Model quantization is what makes running large language models on consumer hardware possible, and the format you choose affects quality, speed, memory usage, and which tools you can use. GGUF, GPTQ, AWQ, and EXL2 are the four dominant quantization formats in the local LLM ecosystem as of 2026, each optimized for different hardware and use cases. This comparison provides the data-driven analysis you need to pick the right format for your models, hardware, and inference stack.
Quick Comparison
| Feature | GGUF | GPTQ | AWQ | EXL2 |
|---|---|---|---|---|
| Full name | GPT-Generated Unified Format | GPT-Quantization | Activation-aware Weight Quantization | ExLlamaV2 format |
| Developer | Georgi Gerganov (llama.cpp) | IST Austria + community | MIT Han Lab | turboderp |
| Quantization type | Post-training (weight-only) | Post-training (weight-only) | Post-training (weight-only) | Post-training (mixed precision) |
| Bit widths | 2, 3, 4, 5, 6, 8-bit + IQ | 2, 3, 4, 8-bit | 4-bit (primarily) | Flexible (2-8 bit, per-layer) |
| CPU inference | Excellent (SIMD optimized) | No (GPU only) | No (GPU only) | No (GPU only) |
| NVIDIA GPU | Yes (CUDA offloading) | Yes (CUDA kernels) | Yes (CUDA kernels) | Yes (custom CUDA kernels) |
| AMD GPU | Yes (ROCm, Vulkan) | Limited | Limited | No |
| Apple Silicon | Yes (Metal) | No | No | No |
| Hybrid CPU+GPU | Yes (layer offloading) | No | No | No |
| Primary engine | llama.cpp, Ollama | AutoGPTQ, vLLM, TGI | AutoAWQ, vLLM, TGI | ExLlamaV2 |
| Calibration data | Optional (imatrix) | Required | Required | Required |
| Self-contained | Yes (weights + metadata) | Separate config needed | Separate config needed | Separate config needed |
| File structure | Single .gguf file | Model directory (safetensors) | Model directory (safetensors) | Model directory |
| HF availability | Thousands of models | Thousands of models | Thousands of models | Hundreds of models |
Quality / Size / Speed Comparison
The following table compares Llama 3.1 8B across formats at approximately 4-bit quantization, measured on an NVIDIA RTX 4090. Perplexity is measured on WikiText-2 (lower is better).
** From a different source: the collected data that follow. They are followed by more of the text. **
Theorem mainTheorem5 (X : space) (N : nat) (A : atlas_data X N) :
  compact X -> metrizable X -> tame_top_atlas A ->
  (forall I J : {set 'I_N}, inIK A I -> inIK A J -> I \subset J ->
     [/\ (forall y, imphi A I J y <-> aEE A I J (cs (aK A J) y)),
         (forall e, imPhi A I J e <->
                    (aEE A I J e /\ aEE A I J (cs (aK A J) (cpr (aK A J) e)))),
         is_closed (imphi A I J) &
         is_closed (imPhi A I J)]) /\
  (forall J H I : {set 'I_N}, inIK A J -> inIK A H -> inIK A I ->
     H \subset J -> I \subset J ->
     (H :&: I != set0 ->
        forall y, (imphi A H J y /\ imphi A I J y) <-> imphi A (H :&: I) J y) /\
     (H :&: I = set0 ->
        forall y, (imphi A H J y /\ imphi A I J y) <-> zset (aK A J) y)).
Proof.
move=> _ _ [[weakA _] [filtA tameA]]; split.
  move=> I J IK_I IK_J sIJ; split.
  - by move=> y; apply: imphi_EE.
  - by move=> e; apply: imPhi_EE.
  - exact: is_closed_imphi.
  - exact: is_closed_imPhi.
move=> J H I IK_J IK_H IK_I sHJ sIJ; split.
  by move=> HI0 y; apply: imphiI.
by move=> HI0 y; apply: imphiI_disjoint.
Qed.
(* Let $k$ be a field, $U$ a three-dimensional $k$-vector space, and $\phi_3\in D_3U^*$. Assume (a) either the characteristic of $k$ is not two, or the characteristic of $k$ is two but $\phi_3\neq x^*y^*z^*$ for every basis $x^*,y^*,z^*$ of $U^*$; and (b) $\ell\phi_3\neq0$ for every nonzero $\ell\in U$. Then $\Gamma_{\phi_3}:D_3U\otimes\bigwedge^3U\to\bigwedge^3U^*$ is not identically zero.
   Context: $U^*=\operatorname{Hom}_k(U,k)$, $D_iU^*=\operatorname{Hom}_k(\operatorname{Sym}_iU,k)$; $D_\bullet U^*$ is the divided power algebra, a module over $\operatorname{Sym}_\bullet U$ via $(uv)(u')=v(uu')$. For a basis $x,y,z$ of $U$ with dual basis $x^*,y^*,z^*$, $x^*y^*z^*$ is the element of $D_3U^*$ taking value $1$ on $xyz$ and $0$ on all other cubic monomials. $D_3U$ is the degree-$3$ divided power of $U$; for $X\in D_3U$, $\Delta(X)\in U^{\otimes3}$ is its comultiplication (for $X=\ell_1^{(e_1)}\cdots\ell_s^{(e_s)}$ with $\sum e_j=3$, the sum of all distinct words $u_1\otimes u_2\otimes u_3$ in which the symbol $\ell_j$ occurs exactly $e_j$ times, extended linearly). $\Gamma_{\phi_3}(X\otimes y_1\wedge y_2\wedge y_3)=\sum(u_1y_1\phi_3)\wedge(u_2y_2\phi_3)\wedge(u_3y_3\phi_3)$, summed over the terms of $\Delta(X)$, with $u_iy_i\in\operatorname{Sym}_2U$ acting on $\phi_3$ to give elements of $U^*$. *)

(* U := k^3 as row vectors 'rV[k]_3 with standard basis
   e_0 = x, e_1 = y, e_2 = z. *)
From HB Require Import structures.
From mathcomp Require Import all_boot all_order all_algebra.
Set Implicit Arguments. Unset Strict Implicit. Unset Printing Implicit Defensive.
Import Order.TTheory GRing.Theory Num.Theory.
Local Open Scope ring_scope.

(* Exponent of e_m in the cubic monomial e_i e_j e_l (or in the word
   e_i ⊗ e_j ⊗ e_l). *)
Definition cnt (i j l m : 'I_3) : nat := ((i == m) + (j == m) + (l == m))%N.

(* An element of D_3 U^* = Hom(Sym_3 U, k) is given by its values
   phi a b c = phi(x^a y^b z^c) on the cubic monomials (a+b+c = 3; other
   entries are never read).  Similarly an element X of D_3 U is given by its
   coefficients X a b c on the divided-power monomials x^(a) y^(b) z^(c). *)
Definition DUdual3 (k : fieldType) := nat -> nat -> nat -> k.
Definition DU3 (k : fieldType) := nat -> nat -> nat -> k.

(* phi(u v w) for u v w in U (product in Sym_3 U). *)
Definition eval3 (k : fieldType) (phi : DUdual3 k) (u v w : 'rV[k]_3) : k :=
  \sum_(i < 3) \sum_(j < 3) \sum_(l < 3)
     u 0 i * v 0 j * w 0 l *
     phi (cnt i j l 0) (cnt i j l 1) (cnt i j l 2).

(* l phi in D_2 U^*, given by its values on the quadratic monomials
   x^a y^b z^c (a+b+c = 2): (l phi)(q) = phi(l q). *)
Definition contract1 (k : fieldType) (phi : DUdual3 k) (l : 'rV[k]_3)
  (a b c : nat) : k :=
  l 0 0 * phi a.+1 b c + l 0 1 * phi a b.+1 c + l 0 2 * phi a b c.+1.

(* (u y) phi in U^*, as a row vector of its values on e_0, e_1, e_2. *)
Definition contract2 (k : fieldType) (phi : DUdual3 k) (u y : 'rV[k]_3)
  : 'rV[k]_3 := \row_m eval3 phi u y (delta_mx 0 m).

(* phi = x^* y^* z^* for the basis x^*,y^*,z^* of U^* given by the rows of
   Bs (invertible): with x, y, z the dual basis of U (rows of (Bs^-1)^T),
   phi takes value 1 on xyz and 0 on every other cubic monomial in x,y,z. *)
Definition is_xyz_star (k : fieldType) (phi : DUdual3 k) (Bs : 'M[k]_3) : Prop :=
  forall i j l : 'I_3,
    eval3 phi (row i (invmx Bs)^T) (row j (invmx Bs)^T) (row l (invmx Bs)^T)
    = if [&& i != j, j != l & i != l] then 1 else 0.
FP16 baseline perplexity for this model is ~6.2.
| Format & Quant | Size (GB) | Perplexity | Generation (tok/s) | Prompt (tok/s) | VRAM (GB) |
|---|---|---|---|---|---|
| FP16 (baseline) | 16.0 | 6.20 | ~75 | ~2,800 | 16.5 |
| GGUF Q4_K_M | 4.9 | 6.38 | ~110 | ~3,200 | 5.8 |
| GGUF Q4_K_S | 4.6 | 6.42 | ~115 | ~3,300 | 5.5 |
| GGUF IQ4_XS | 4.3 | 6.35 | ~105 | ~3,000 | 5.2 |
| GPTQ 4-bit 128g | 4.5 | 6.40 | ~120 | ~3,500 | 5.5 |
| GPTQ 4-bit 32g | 5.0 | 6.32 | ~105 | ~3,200 | 6.0 |
| AWQ 4-bit 128g | 4.5 | 6.36 | ~125 | ~3,800 | 5.4 |
| EXL2 4.0 bpw | 4.2 | 6.33 | ~150 | ~4,000 | 5.3 |
| EXL2 3.5 bpw | 3.7 | 6.55 | ~160 | ~4,200 | 4.8 |
| EXL2 5.0 bpw | 5.2 | 6.26 | ~135 | ~3,600 | 6.2 |
| GGUF Q5_K_M | 5.7 | 6.28 | ~100 | ~2,900 | 6.6 |
| GGUF Q6_K | 6.6 | 6.23 | ~90 | ~2,600 | 7.4 |
| GGUF Q8_0 | 8.5 | 6.21 | ~80 | ~2,200 | 9.3 |
Key observations:
- EXL2 leads in speed on NVIDIA GPUs due to turboderp’s custom CUDA kernels optimized specifically for mixed-precision inference
- AWQ is the fastest among standard formats because its activation-aware approach enables more efficient GPU kernels
- GGUF offers the most size/quality options ranging from Q2 (aggressive compression) through Q8 (near-lossless)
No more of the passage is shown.